Investigating the added resistance of KVLCC2 at different speeds using a numerical method based on the 2 DOF analysis in a regular waves

In this paper, the dynamic responses of the KVLCC2 tanker at differents speeds have been evaluated using a numerical method. Ship movements and the forces acting on it have been determined accurately based on computational fluid dynamics method using OpenFoam open source code. Free surface of the two phase flow has been simulated using interFoam and interDyMFoam solvers. The amplitude of ship's heave and pitch motions have been determined in the regular head waves at various speeds. The regular second order stokes wave is generated using the input speed technique.

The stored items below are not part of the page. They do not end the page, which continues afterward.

(* Suppose $\mathcal R\subset\mathcal G$ has Property 2. Then the kernel of the seminorm $\|\cdot\|_{\mathcal R}$ on $U_{\mathrm{per}}$ is $U_{\mathrm{iso},0,0}\cap U_{\mathrm{per}}$.
   Context: Euclidean group: $\mathrm E(n)$ consists of pairs $(A|b)$, $A\in\mathrm O(n)$, $b\in\mathbb R^n$, acting by $(A|b)\cdot x=Ax+b$, product $(A_1|b_1)(A_2|b_2)=(A_1A_2|b_1+A_1b_2)$; $\mathrm{rot}(A|b)=A$. Standing setting: $d=d_1+d_2$; $\mathcal S<\mathrm E(d_2)$ is a space group with translation subgroup $\mathcal T_{\mathcal S}$; $A\oplus(B|b)=(\mathrm{diag}(A,B)|(0,b))$; $\mathcal G$ is a discrete subgroup of $\mathrm E(d)$ contained in $\{A\oplus s:A\in\mathrm O(d_1),s\in\mathcal S\}$ projecting onto $\mathcal S$; $\mathcal T\subset\mathcal G$ maps bijectively onto $\mathcal T_{\mathcal S}$. There is $m_0\in\mathbb N$ such that $\mathcal T^N=\{t^N:t\in\mathcal T\}$ is a normal subgroup iff $N\in\mathcal M=m_0\mathbb N$, then isomorphic to $\mathbb Z^{d_2}$ of finite index; $\mathcal C_N$ is a fixed set of representatives of $\mathcal G/\mathcal T^N$. $U_{\mathrm{per}}$: maps $u:\mathcal G\to\mathbb R^d$ that are $\mathcal T^N$-periodic ($u(gt)=u(g)$ for $t\in\mathcal T^N$) for some $N\in\mathcal M$. $x_0\in\mathbb R^d$ with $g\mapsto g\cdot x_0$ injective; $d_{\mathrm{aff}}=\dim\mathrm{aff}(\mathcal G\cdot x_0)$; assumed $\mathcal G\cdot x_0\subset\{0_{d-d_{\mathrm{aff}}}\}\times\mathbb R^{d_{\mathrm{aff}}}$ and $\mathcal G$ acts trivially on $\mathbb R^{d-d_{\mathrm{aff}}}\times\{0\}$. For $\mathcal R\subset\mathcal G$, $U_{\mathrm{iso}}(\mathcal R)$ is the set of $v:\mathcal R\to\mathbb R^d$ with $a\in\mathbb R^d$, $S\in\mathrm{Skew}(d)$ such that $\mathrm{rot}(g)v(g)=a+S(g\cdot x_0-x_0)$ for all $g\in\mathcal R$. For finite $\mathcal R$ and $\mathcal T^N$-periodic $u$: $\|u\|_{\mathcal R}=\big(\frac1{|\mathcal C_N|}\sum_{g\in\mathcal C_N}\mathrm{dist}(u(g\,\cdot)|_{\mathcal R},U_{\mathrm{iso}}(\mathcal R))^2\big)^{1/2}$ (Euclidean distance in $(\mathbb R^d)^{\mathcal R}$). $U_{\mathrm{iso},0,0}$ is the set of $u:\mathcal G\to\mathbb R^d$ with $a\in\mathbb R^d$, $S\in\mathrm{Skew}(d_1)$ such that $\mathrm{rot}(g)u(g)=a+(S\oplus0_{d_2\times d_2})(g\cdot x_0-x_0)$ for all $g\in\mathcal G$. Property 1: $\mathcal R$ finite, $\mathrm{id}\in\mathcal R$, $\mathrm{aff}(\mathcal R\cdot x_0)=\mathrm{aff}(\mathcal G\cdot x_0)$. Property 2: $\mathcal R$ finite, and there are $\mathcal R',\mathcal R''$ with $\mathrm{id}\in\mathcal R'$, $\mathcal R'$ generating $\mathcal G$, $\mathcal R''$ with Property 1, and $\{gh:g\in\mathcal R',h\in\mathcal R''\}\subset\mathcal R$. *)

From mathcomp Require Import all_boot all_order all_algebra.
From mathcomp Require Import boolp classical_sets reals.
Set Implicit Arguments. Unset Strict Implicit. Unset Printing Implicit Defensive.
Import Order.TTheory GRing.Theory Num.Theory.
Local Open Scope ring_scope.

In order to verify the accuracy of the numerical results obtained from the present study, the values of the heave motion, rolling angle, thrust coefficient, as well as added resistance compared with the validated experimental results presented by other researchers. In addition, free surface contours and important flow parameters have been extracted. Also, heave and pitch RAO changes are presented and compared with valid experimental results. These simulations are carried out at different speeds and current numerical results have acceptable accuracy compared with experimental data. By comparing the average force applied to the hull in the waves with the amount of calm water resistance, the amount of added resistance is determined at different speeds. The ratio of the added resistance to the total resistance decreases with increasing the Froude number. Due to the hull form of the tanker, the calm water resistance has a higher growth rate relative to added resistance. Such an analysis, using virtual wave making techniques and simulating dynamic behavior Conforms to reality, can provide more accurate results than potential methods and can be used in a wider range of marine applications.